Now what the fuck does that have to do with windsurfing, P. J. Jeter would like to have asked. Guy’s probably stoked out of his mind on Maui Wowie. “Okay, let’s talk about your world speed record…”

Lassiter listened for a moment, then caught sight of Lila Summers foot-steering toward shore. She called to him, “Take one of Keaka’s boards. He’s busy being a big shot.”

Jake Lassiter’s brain cells did not have to appoint a committee. If she’d told him to hang by his heels from the hotel balcony, he’d have asked which floor. Keaka Kealia already had rigged four different slalom boards and Lassiter settled for a middle-of-the-road nine footer with a five-point-eight-meter sail. He peeled off a faded Penn State T-shirt, hitched up his trunks, and beach-started by hopping onto the board in the calm water just beyond the shore break. In a minute he was next to Lila Summers, who was appraising his form. The wind was kicking at about eighteen knots and an angry cord of steel-gray clouds hung over the horizon.

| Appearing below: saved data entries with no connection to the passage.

(* Fix $D,\alpha,\theta>0$. There is a constant $C=C(D,\alpha,\theta)$ such that for every finite connected graph $G$ on $n$ vertices satisfying (bal), (mix), (esc) with parameters $D,\alpha,\theta$, with $n$ sufficiently large, the following holds. Let $Y,Z$ be two independent lazy random walks of length $r-1$ started from two independent $\pi$-distributed vertices. Then, viewing $Y,Z$ as their vertex sets, $$\mathbb E\left[\mathrm{Close}_r(Y,Z)\right]\le C q^4,\qquad q=r/\sqrt n.$$
   Context: For a finite connected graph $G=(V,E)$ with $n$ vertices, $d(v)$ is the degree of $v$, $\delta(G),\Delta(G)$ are the minimum and maximum degrees. The lazy random walk $(X_t)$ on $G$ at each step stays put with probability $1/2$ and otherwise moves along a uniformly chosen edge incident to the current vertex; $\Pr_\mu$ denotes its law with $X_0\sim\mu$. Write $\mathbf p^t(u,v)=\Pr_u(X_t=v)$ and $\pi(v)=d(v)/(2|E|)$. The uniform mixing time is $t_{\mathrm{mix}}(G)=\min\{t\ge0:\max_{u,v\in V}|\mathbf p^t(u,v)/\pi(v)-1|\le 1/2\}$, and the bubble sum is $\mathcal B(G)=\sum_{t=0}^{t_{\mathrm{mix}}(G)}(t+1)\sup_{v}\mathbf p^t(v,v)$. Assumptions with parameters $D,\alpha,\theta>0$: (bal) $\Delta(G)/\delta(G)\le D$; (mix) $t_{\mathrm{mix}}(G)\le n^{1/2-\alpha}$; (esc) $\mathcal B(G)\le\theta$. The run time is $r=n^{1/2-\alpha/3}$ (rounded to an integer). For nonempty $U\subseteq V$, $\tau_U=\min\{t\ge 0:X_t\in U\}$. The $r$-closeness of two vertex sets is $\mathrm{Close}_r(U_1,U_2)=\Pr_\pi(\tau_{U_1}<r\text{ and }\tau_{U_2}<r)$, where the probability is over a lazy random walk $X$ with $X_0\sim\pi$ independent of $U_1,U_2$. *)

From Stdlib Require Import Reals Lra List Arith.
Import ListNotations.
Open Scope R_scope.

(* A finite multigraph on vertex set {0,...,n-1}, given by an edge-multiplicity
   function m : nat -> nat -> nat (only entries < n matter); symmetric, loopless. *)
Definition is_multigraph (n : nat) (m : nat -> nat -> nat) : Prop :=
  (forall u v, m u v = m v u) /\ (forall v, m v v = 0%nat).

Inductive reach (n : nat) (m : nat -> nat -> nat) (u : nat) : nat -> Prop :=
| reach_refl : reach n m u u
| reach_step : forall v w, reach n m u v -> (w < n)%nat -> (0 < m v w)%nat ->
               reach n m u w.

Definition connected (n : nat) (m : nat -> nat -> nat) : Prop :=
  forall u v, (u < n)%nat -> (v < n)%nat -> reach n m u v.

Definition rsum (n : nat) (f : nat -> R) : R :=
  fold_right Rplus 0 (map f (seq 0 n)).

Definition deg (n : nat) (m : nat -> nat -> nat) (v : nat) : nat :=
  fold_right Nat.add 0%nat (map (m v) (seq 0 n)).

Definition maxdeg (n : nat) (m : nat -> nat -> nat) : nat :=
  fold_right Nat.max 0%nat (map (deg n m) (seq 0 n)).

Definition mindeg (n : nat) (m : nat -> nat -> nat) : nat :=
  fold_right Nat.min (deg n m 0) (map (deg n m) (seq 0 n)).

Definition totdeg (n : nat) (m : nat -> nat -> nat) : R :=
  rsum n (fun v => INR (deg n m v)).

Definition pi (n : nat) (m : nat -> nat -> nat) (v : nat) : R :=
  INR (deg n m v) / totdeg n m.

Definition P (n : nat) (m : nat -> nat -> nat) (u v : nat) : R :=
  (if Nat.eqb u v then 1/2 else 0) + INR (m u v) / (2 * INR (deg n m u)).

Fixpoint pt (n : nat) (m : nat -> nat -> nat) (t : nat) (u v : nat) : R :=
  match t with
  | O => if Nat.eqb u v then 1 else 0
  | S t' => rsum n (fun w => pt n m t' u w * P n m w v)
  end.

Definition uniform_mixed (n : nat) (m : nat -> nat -> nat) (t : nat) : Prop :=
  forall u v, (u < n)%nat -> (v < n)%nat ->
    Rabs (pt n m t u v / pi n m v - 1) <= 1/2.

Definition is_tmix (n : nat) (m : nat -> nat -> nat) (t : nat) : Prop :=
  uniform_mixed n m t /\ (forall s, (s < t)%nat -> ~ uniform_mixed n m s).

Definition maxdiag (n : nat) (m : nat -> nat -> nat) (t : nat) : R :=
  fold_right Rmax 0 (map (fun v => pt n m t v v) (seq 0 n)).

Definition bubble (n : nat) (m : nat -> nat -> nat) (tm : nat) : R :=
  rsum (S tm) (fun t => INR (S t) * maxdiag n m t).

(* Given the current last vertex and the reversed path so far, extend by k
   lazy-walk steps and integrate F against the resulting path. *)
Fixpoint ext_sum (n : nat) (m : nat -> nat -> nat) (k : nat) (last : nat)
    (acc : list nat) (F : list nat -> R) : R :=
  match k with
  | O => F (rev acc)
  | S k' => rsum n (fun v => P n m last v * ext_sum n m k' v (v :: acc) F)
  end.

(* E[F(X_0,...,X_{len-1})] for a lazy random walk X with X_0 ~ pi
   (a walk of length len-1, i.e. len time points). *)
Definition walk_exp (n : nat) (m : nat -> nat -> nat) (len : nat)
    (F : list nat -> R) : R :=
  rsum n (fun v => pi n m v * ext_sum n m (len - 1) v [v] F).

Definition hits (x U : list nat) : bool :=
  existsb (fun v => existsb (Nat.eqb v) U) x.

Definition close_r (n : nat) (m : nat -> nat -> nat) (r : nat) (U1 U2 : list nat) : R :=
  walk_exp n m r (fun x => if andb (hits x U1) (hits x U2) then 1 else 0).

Definition expected_close (n : nat) (m : nat -> nat -> nat) (r : nat) : R :=
  walk_exp n m r (fun y => walk_exp n m r (fun z => close_r n m r y z)).

(* Let X be the π-started walk inside Close_r. If X hits both Y and Z, then
   there are coincidences X_s = Y_i and X_t = Z_j with s, i, t, j < r, so
   Close_r(Y,Z) is at most the X-expectation of the product of the numbers of
   such coincidences. Averaging over Z, each of whose positions is
   π-distributed, a coincidence X_t = Z_j costs at most max π, and likewise
   for Y; by (bal), max π <= D/n. Hence E[Close_r(Y,Z)] <= r^4 (D/n)^2 = D^2 q^4. *)

From Stdlib Require Import Reals Lra Lia List Arith.
Import ListNotations.
Open Scope R_scope.

Lemma fold_right_Rplus_acc l a : fold_right Rplus a l = fold_right Rplus 0 l + a.
Proof. induction l as [|x l IH]; simpl; [ring | rewrite IH; ring]. Qed.

Lemma fold_right_add_acc l a : fold_right Nat.add a l = (fold_right Nat.add 0 l + a)%nat.
Proof. induction l as [|x l IH]; simpl; [lia | rewrite IH; lia]. Qed.

Lemma rsum_0 f : rsum 0 f = 0.
Proof. reflexivity. Qed.

Lemma rsum_S k f : rsum (S k) f = rsum k f + f k.
Proof.
  unfold rsum. rewrite seq_S, map_app, fold_right_app. simpl.
  rewrite fold_right_Rplus_acc. ring.
Qed.

Lemma rsum_ext k f g : (forall v, (v < k)%nat -> f v = g v) -> rsum k f = rsum k g.
Proof.
  induction k as [|k IH]; intros E; [reflexivity|].
  rewrite !rsum_S, IH, E; [reflexivity | lia | intros; apply E; lia].
Qed.

Lemma rsum_le k f g : (forall v, (v < k)%nat -> f v <= g v) -> rsum k f <= rsum k g.
Proof.
  induction k as [|k IH]; intros H; [rewrite !rsum_0; lra|].
  rewrite !rsum_S. apply Rplus_le_compat; [apply IH; intros; apply H|apply H]; lia.
Qed.

Lemma rsum_nonneg k f : (forall v, (v < k)%nat -> 0 <= f v) -> 0 <= rsum k f.
Proof.
  intros H. replace 0 with (rsum k (fun _ => 0)).
  - apply rsum_le. exact H.
  - induction k as [|k IH]; [reflexivity|]. rewrite rsum_S, IH; [ring|auto].
Qed.

Lemma rsum_plus k f g : rsum k (fun v => f v + g v) = rsum k f + rsum k g.
Proof. induction k as [|k IH]; [rewrite !rsum_0; ring|]. rewrite !rsum_S, IH. ring. Qed.

Lemma rsum_scal_l k c f : rsum k (fun v => c * f v) = c * rsum k f.
Proof. induction k as [|k IH]; [rewrite !rsum_0; ring|]. rewrite !rsum_S, IH. ring. Qed.

Lemma rsum_scal_r k c f : rsum k (fun v => f v * c) = rsum k f * c.
Proof. induction k as [|k IH]; [rewrite !rsum_0; ring|]. rewrite !rsum_S, IH. ring. Qed.

Lemma rsum_const k c : rsum k (fun _ => c) = INR k * c.
Proof. induction k as [|k IH]; [rewrite rsum_0; simpl; ring|]. rewrite rsum_S, IH, S_INR. ring. Qed.

Lemma rsum_le_const k f c : (forall v, (v < k)%nat -> f v <= c) -> rsum k f <= INR k * c.
Proof. intros H. rewrite <- rsum_const. apply rsum_le. exact H. Qed.

Lemma rsum_swap k j f :
  rsum k (fun a => rsum j (fun b => f a b)) = rsum j (fun b => rsum k (fun a => f a b)).
Proof.
  induction k as [|k IH].
  - rewrite rsum_0, (rsum_ext j _ (fun _ => 0)), rsum_const by reflexivity. ring.
  - rewrite rsum_S, IH, <- rsum_plus. apply rsum_ext. intros. rewrite rsum_S. reflexivity.
Qed.
(* Assume $(TJ)$. Let $B$ be a ball of radius $r>0$, let $0<\rho\le r$, $\lambda\in\mathbb R$ and $\psi=\lambda\mathbf 1_B$. Then for every non-negative $f\in\mathcal F^{(\rho)}\cap L^\infty(M,\mu)$ and every $p\ge1$, $$\mathcal E^{(\rho)}(e^{-\psi}f,\,e^{\psi}f^{2p-1})\ge\frac1p\,\mathcal E^{(\rho)}(f^p),$$ where $\mathcal E^{(\rho)}(u)=\mathcal E^{(\rho)}(u,u)$.
   Context: $(M,d,\mu)$ is an ultra-metric measure space: $M$ is locally compact and separable, $d$ is an ultra-metric ($d(x,y)\le\max\{d(x,z),d(z,y)\}$), $\mu$ is a Radon measure with full support. Balls are $B(x,r)=\{y: d(x,y)\le r\}$. Let $j$ be a symmetric Radon measure on $(M\times M)\setminus\mathrm{diag}$ with $j(B,B^c)<\infty$ for every ball $B$; $\mathcal E(f,g)=\iint(f(x)-f(y))(g(x)-g(y))\,dj(x,y)$, $\mathcal F$ is the closure, in the norm $\sqrt{\mathcal E(u)+\|u\|_2^2}$, of finite linear combinations of indicators of disjoint compact balls. Fixed $\beta>0$, $R_0\in(0,\operatorname{diam}M]$. Condition $(TJ)$: there is a transition kernel $J(x,dy)$ with $dj(x,y)=J(x,dy)\,d\mu(x)$ and a constant $C$ with $J(x,B(x,r)^c)\le Cr^{-\beta}$ for all $x\in M$, $r\in(0,R_0)$. Truncated form: for $\rho>0$, $\mathcal E^{(\rho)}(u,v)=\int_M\int_{B(x,\rho)}(u(x)-u(y))(v(x)-v(y))\,J(x,dy)\,d\mu(x)$. Under $(TJ)$, its closure $(\mathcal E^{(\rho)},\mathcal F^{(\rho)})$ is a regular Dirichlet form on $L^2(M,\mu)$ given by the same formula, with $\mathcal F^{(\rho)}=\mathcal F$. *)

From HB Require Import structures.
From mathcomp Require Import all_boot all_order all_algebra.
From mathcomp Require Import all_classical all_reals all_analysis.
Set Implicit Arguments. Unset Strict Implicit. Unset Printing Implicit Defensive.
Import Order.TTheory GRing.Theory Num.Theory.
Local Open Scope classical_set_scope.
Local Open Scope ring_scope.

Section UltraMetricDefs.
Variables (R : realType) (dM : measure_display) (M : measurableType dM).
Variable (d : M -> M -> R).

Definition ultrametric : Prop :=
  (forall x y, 0 <= d x y) /\ (forall x y, d x y = 0 <-> x = y) /\
  (forall x y, d x y = d y x) /\
  (forall x y z, d x y <= Num.max (d x z) (d z y)).

Definition dball (x : M) (r : R) : set M := [set y | d x y <= r].

Definition dopen (U : set M) : Prop :=
  forall x, U x -> exists r, 0 < r /\ dball x r `<=` U.

Definition dcompact (K : set M) : Prop :=
  forall (I : Type) (U : I -> set M), (forall i, dopen (U i)) ->
    K `<=` \bigcup_i U i ->
    exists F : set I, finite_set F /\ K `<=` \bigcup_(i in F) U i.

Definition dlocally_compact : Prop :=
  forall x, exists r, 0 < r /\ dcompact (dball x r).

Definition dseparable : Prop :=
  exists D : set M, countable D /\
    forall x e, 0 < e -> exists y, D y /\ d x y < e.

Definition ddiam : \bar R := ereal_sup (range (fun z : M * M => (d z.1 z.2)%:E)).

Definition borel_of_d : Prop := (@measurable _ M) = <<s dopen >>.

Local Open Scope ereal_scope.

(** Radon measure (M locally compact separable metric: = finite on compacts) *)
Definition radon (mu : {measure set M -> \bar R}) : Prop :=
  forall K, measurable K -> dcompact K -> mu K < +oo.

Definition full_support (mu : {measure set M -> \bar R}) : Prop :=
  forall x (r : R), (0 < r)%R -> 0 < mu (dball x r).

Variables (mu : {measure set M -> \bar R}) (J : R.-ker M ~> M).

(** the jump measure dj(x,y) = J(x,dy) dmu(x) *)
Definition jmeas (A : set (M * M)) : \bar R :=
  \int[mu]_x J x [set y | A (x, y)].

Definition jsymmetric : Prop :=
  forall A : set (M * M), measurable A ->
    jmeas A = jmeas [set z | A (z.2, z.1)].

Definition joffdiag : Prop := jmeas [set z | z.1 = z.2] = 0.

(** j is Radon on (M x M) \ diag: finite on products of disjoint compacts *)
Definition jradon : Prop :=
  forall K1 K2 : set M, measurable K1 -> measurable K2 ->
    dcompact K1 -> dcompact K2 -> K1 `&` K2 = set0 ->
    jmeas (K1 `*` K2) < +oo.

Definition jballs : Prop :=
  forall x (r : R), (0 < r)%R -> jmeas (dball x r `*` ~` dball x r) < +oo.

Definition TJ (beta R0 : R) : Prop :=
  exists C : R, forall x (r : R), (0 < r < R0)%R ->
    J x (~` dball x r) <= (C * r `^ (- beta))%:E.

Definition Eform (u : M -> R) : \bar R :=
  \int[mu]_x \int[J x]_y ((u x - u y) ^+ 2)%:E.

Definition Erho (rho : R) (u v : M -> R) : \bar R :=
  \int[mu]_x \int[J x]_(y in dball x rho) ((u x - u y) * (v x - v y))%:E.

Definition dstep (u : M -> R) : Prop :=
  exists (n : nat) (c : 'I_n -> R) (x0 : 'I_n -> M) (r : 'I_n -> R),
    (forall i, (0 < r i)%R /\ dcompact (dball (x0 i) (r i))) /\
    (forall i j, i != j -> dball (x0 i) (r i) `&` dball (x0 j) (r j) = set0) /\
    u = (fun x => \sum_(i < n) c i * \1_(dball (x0 i) (r i)) x)%R.

Definition dirF (u : M -> R) : Prop :=
  measurable_fun setT u /\
  \int[mu]_x ((u x) ^+ 2)%:E < +oo /\
  exists un : nat -> M -> R, (forall n, dstep (un n)) /\
    (fun n => Eform (fun x => un n x - u x)%R +
              \int[mu]_x ((un n x - u x) ^+ 2)%:E) @ \oo --> 0.

Definition Linfty (u : M -> R) : Prop :=
  measurable_fun setT u /\ exists C : R, {ae mu, forall x, (`|u x| <= C)%R}.

End UltraMetricDefs.

From HB Require Import structures.
From mathcomp Require Import all_boot all_order all_algebra.
From mathcomp Require Import all_classical all_reals all_analysis.
From mathcomp Require Import ring lra.
Import Order.TTheory GRing.Theory Num.Theory.
Local Open Scope classical_set_scope.
Local Open Scope ring_scope.

(* Since [rho <= r] and [d] is an ultra-metric, a jump of length at most [rho]
   never leaves or enters the ball [B(x0, r)], so [psi = lambda 1_B] takes the
   same value at both ends and the factors [exp(-psi)], [exp(psi)] cancel in
   every integrand of [E^(rho)].  The theorem then reduces to the elementary
   inequality [(a^p - b^p)^2 <= p (a - b) (a^(2p-1) - b^(2p-1))] for [a, b >= 0],
   a consequence of Young's inequality, integrated twice. *)

Lemma ge0_integral_scale_le d (T : measurableType d) (R : realType)
    (mu : {measure set T -> \bar R}) (D : set T) (c : R) (f g : T -> \bar R) :
  0 < c -> (forall x, D x -> (0 <= f x)%E) ->
  (forall x, D x -> (c%:E * f x <= g x)%E) ->
  (c%:E * \int[mu]_(x in D) f x <= \int[mu]_(x in D) g x)%E.
Proof.
move=> c0 f0 fg.
have g0 x : D x -> (0 <= g x)%E.
  move=> Dx; apply: le_trans (fg x Dx).
  by apply: mule_ge0; [rewrite lee_fin ltW|exact: f0].
rewrite (ge0_integralE mu f0) (ge0_integralE mu g0).
rewrite -lee_pdivlMl //; apply: ge_ereal_sup => _ [h /= hf <-].
rewrite lee_pdivlMl // -sintegralrM; apply: ereal_sup_ubound => /=.
exists (scale_nnsfun h (ltW c0)) => //= x.
move: (hf x); rewrite /patch; case: ifPn => [/[!inE] Dx hfx|_ hx0].
  by rewrite EFinM; apply: le_trans (fg x Dx); rewrite lee_pmul2l ?lte_fin.
by rewrite lee_fin pmulr_rle0 // -lee_fin.
Qed.

Section PowerInequalities.
Variable R : realType.
Implicit Types a b p s : R.

Lemma powR_young_pred a b p : 0 <= a -> 0 <= b -> 1 <= p ->
  p * (a `^ (p - 1) * b) <= (p - 1) * a `^ p + b `^ p.
Proof.
move=> a0 b0 p1.
have [->|p_neq1] := eqVneq p 1.
  by rewrite subrr powRr0 !mul1r mul0r add0r powRr1.
have p_gt1 : 1 < p by rewrite lt_neqAle eq_sym p_neq1.
have p0 : 0 < p by apply: lt_trans p_gt1.
have pm0 : 0 < p - 1 by rewrite subr_gt0.
(* Young's inequality with the conjugate exponents [p / (p - 1)] and [p]. *)
have q0 : 0 < p / (p - 1) by rewrite divr_gt0.
have pq : (p / (p - 1))^-1 + p^-1 = 1 by rewrite invf_div; field; rewrite gt_eqF.
have := conjugate_powR (powR_ge0 a (p - 1)) b0 q0 p0 pq.
rewrite -powRrM mulrCA divff ?gt_eqF // mulr1.
have -> : a `^ p / (p / (p - 1)) + b `^ p / p = ((p - 1) * a `^ p + b `^ p) / p.
  by field; rewrite !gt_eqF.
by rewrite ler_pdivlMr // mulrC.
Qed.

Lemma powR_sub_le a b p : 0 <= b -> b <= a -> 1 <= p ->
  a `^ p - b `^ p <= p * a `^ (p - 1) * (a - b).
Proof.
move=> b0 ba p1.
have a0 : 0 <= a := le_trans b0 ba.
have p0 : 0 < p by apply: lt_le_trans p1.
have := @powR_young_pred a b p a0 b0 p1.
have <- : a * a `^ (p - 1) = a `^ p by rewrite mulr_powRB1.
lra.
Qed.

Lemma powR_sub_sqr_le_ord a b p : 0 <= b -> b <= a -> 1 <= p ->
  (a `^ p - b `^ p) ^+ 2
  <= p * ((a - b) * (a `^ (2 * p - 1) - b `^ (2 * p - 1))).
Proof.
move=> b0 ba p1.
have a0 : 0 <= a := le_trans b0 ba.
have p0 : 0 < p by apply: lt_le_trans p1.
have split_exp : 2 * p - 1 = (p - 1) + p by ring.
have q_neq0 : (p - 1) + p != 0 by rewrite -split_exp gt_eqF // subr_gt0; lra.
rewrite split_exp !(powRD (r := p - 1) (s := p)) ?(negbTE q_neq0) //.
have XY := @powR_sub_le a b p b0 ba p1.
have WP : b `^ (p - 1) <= a `^ (p - 1).
  by apply: ge0_ler_powR; rewrite ?nnegrE ?subr_ge0.
have YX : b `^ p <= a `^ p by apply: ge0_ler_powR; rewrite ?nnegrE // ltW.
have Y0 := powR_ge0 b p.
move: XY WP YX Y0.
set X := a `^ p; set Y := b `^ p; set P := a `^ (p - 1); set W := b `^ (p - 1).
move=> XY WP YX Y0.
have PXY : P * (X - Y) <= P * X - W * Y by rewrite mulrBr lerD2l lerN2 ler_wpM2r.
have pab0 : 0 <= p * (a - b) by rewrite mulr_ge0 ?subr_ge0 // ltW.
apply: (le_trans (y := (X - Y) * (p * P * (a - b)))).
  by rewrite expr2 ler_wpM2l ?subr_ge0.
have -> : (X - Y) * (p * P * (a - b)) = p * (a - b) * (P * (X - Y)) by ring.
by rewrite [p * (_ * _)]mulrA ler_wpM2l.
Qed.

Lemma powR_sub_sqr_le a b p : 0 <= a -> 0 <= b -> 1 <= p ->
  (a `^ p - b `^ p) ^+ 2
  <= p * ((a - b) * (a `^ (2 * p - 1) - b `^ (2 * p - 1))).
Proof.
move=> a0 b0 p1; have [ba|/ltW ab] := leP b a; first exact: powR_sub_sqr_le_ord.
have := @powR_sub_sqr_le_ord b a p a0 ab p1.
by rewrite -sqrrN opprB -[(b - a) * _]mulrNN !opprB.
Qed.

Lemma expR_twisted_powR_le a b s p : 0 <= a -> 0 <= b -> 1 <= p ->
  p^-1 * (a `^ p - b `^ p) ^+ 2 <=
  (expR (- s) * a - expR (- s) * b) *
  (expR s * a `^ (2 * p - 1) - expR s * b `^ (2 * p - 1)).
Proof.
move=> a0 b0 p1.
have p0 : 0 < p by apply: lt_le_trans p1.
rewrite -!mulrBr mulrACA expRN mulVf ?gt_eqF ?expR_gt0 // mul1r.
by rewrite ler_pdivrMl // powR_sub_sqr_le.
Qed.

End PowerInequalities.

Lemma ultrametric_indic_dball (R : realType) dT (T : measurableType dT)
    (d : T -> T -> R) (x0 x y : T) (r : R) :
  (forall x y, d x y = d y x) ->
  (forall x y z, d x y <= Num.max (d x z) (d z y)) ->
  d x y <= r -> \1_(dball d x0 r) x = \1_(dball d x0 r) y :> R.
Proof.
move=> dC dU dxy.
have ball_stable u v : d u v <= r -> dball d x0 r u -> dball d x0 r v.
  by move=> duv x0u; apply: le_trans (dU x0 v u) _; rewrite ge_max x0u.
rewrite !indicE; congr (nat_of_bool _)%:R.
by apply/idP/idP => /set_mem B; apply/mem_set; apply: ball_stable B; rewrite // dC.
Qed.

Section TruncatedForm.
Variables (R : realType) (dM : measure_display) (M : measurableType dM).
Variables (d : M -> M -> R) (mu : {measure set M -> \bar R}) (J : R.-ker M ~> M).

Lemma Erho_scale_le (rho c : R) (u v u' v' : M -> R) :
  0 < c ->
  (forall x y, d x y <= rho -> 0 <= (u x - u y) * (v x - v y)) ->
  (forall x y, d x y <= rho ->
     c * ((u x - u y) * (v x - v y)) <= (u' x - u' y) * (v' x - v' y)) ->
  (c%:E * Erho d mu J rho u v <= Erho d mu J rho u' v')%E.
Proof.
move=> c0 uv0 uv_le; apply: ge0_integral_scale_le => // x _.
  by apply: integral_ge0 => y; rewrite lee_fin; exact: uv0.
by apply: ge0_integral_scale_le => // y; rewrite lee_fin; [exact: uv0|exact: uv_le].
Qed.

End TruncatedForm.

Theorem corollary1 (R : realType) (dM : measure_display) (M : measurableType dM)
  (d : M -> M -> R) (mu : {measure set M -> \bar R}) (J : R.-ker M ~> M)
  (beta R0 : R) :
  ultrametric d -> borel_of_d d -> dlocally_compact d -> dseparable d ->
  radon d mu -> full_support d mu ->
  jsymmetric mu J -> joffdiag mu J -> jradon d mu J -> jballs d mu J ->
  0 < beta -> 0 < R0 -> (R0%:E <= ddiam d)%E ->
  TJ d J beta R0 ->
  forall (x0 : M) (r rho lambda p : R) (f : M -> R),
    0 < r -> 0 < rho -> rho <= r -> 1 <= p ->
    (forall x, 0 <= f x) -> dirF d mu J f -> Linfty mu f ->
    ((p^-1)%:E * Erho d mu J rho (fun x => f x `^ p)%R (fun x => f x `^ p)%R
     <= Erho d mu J rho
          (fun x => expR (- (lambda * \1_(dball d x0 r) x)) * f x)%R
          (fun x => expR (lambda * \1_(dball d x0 r) x) * f x `^ (2 * p - 1))%R)%E.
Proof.
move=> [_ [_ [dC dU]]] _ _ _ _ _ _ _ _ _ _ _ _ _ x0 r rho lambda p f _ _ rho_r p1
  f0 _ _.
apply: Erho_scale_le => [|x y _|x y dxy]; first by rewrite invr_gt0; lra.
  by rewrite -expr2 sqr_ge0.
rewrite (@ultrametric_indic_dball _ _ _ _ x0 x y r dC dU (le_trans dxy rho_r)).
by rewrite -expr2; apply: expR_twisted_powR_le.
Qed.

“It’ll take me a little while to get used to the equipment,” Lassiter said.

“Don’t worry, you’re doing great,” she said. The board was custom-made for Keaka’s specifications and Lassiter, taller and heavier, expected it to be sluggish. Instead, the board turned so quickly on his first jibe, he barely had time to flip the sail to get going on the other tack.

After a few minutes in the swells, Lila yelled above the wind, “I’m tired of shredding back and forth.”

“Follow me,” Lassiter shouted back. More comfortable now, he raked the boom in tight and trimmed the sail, catching a gust that shot him in front of Lila. She laughed and pursued him down the coastline. The wind was humming now, twenty knots with stronger gusts as the sky darkened and they neared the lighthouse at the tip of the island, the condos and hotels out of sight. Lassiter remembered the strange trio there — Berto, Keaka, and Lee Hu — wondered again what he had barged into. He felt a sharp twinge realizing Berto was gone, then the sting of guilt, because he was enjoying this moment, enjoying the breeze and the water and the company of a young woman, pleasures Berto would never know again. While he was thinking about it, a gust caught him standing up too straight, and a second later, the mast whipped forward, slinging him off the bow. He landed on his back and skipped like a stone another twenty feet.

“You okay?” Lila yelled as she luffed the sail to slow down and pull alongside.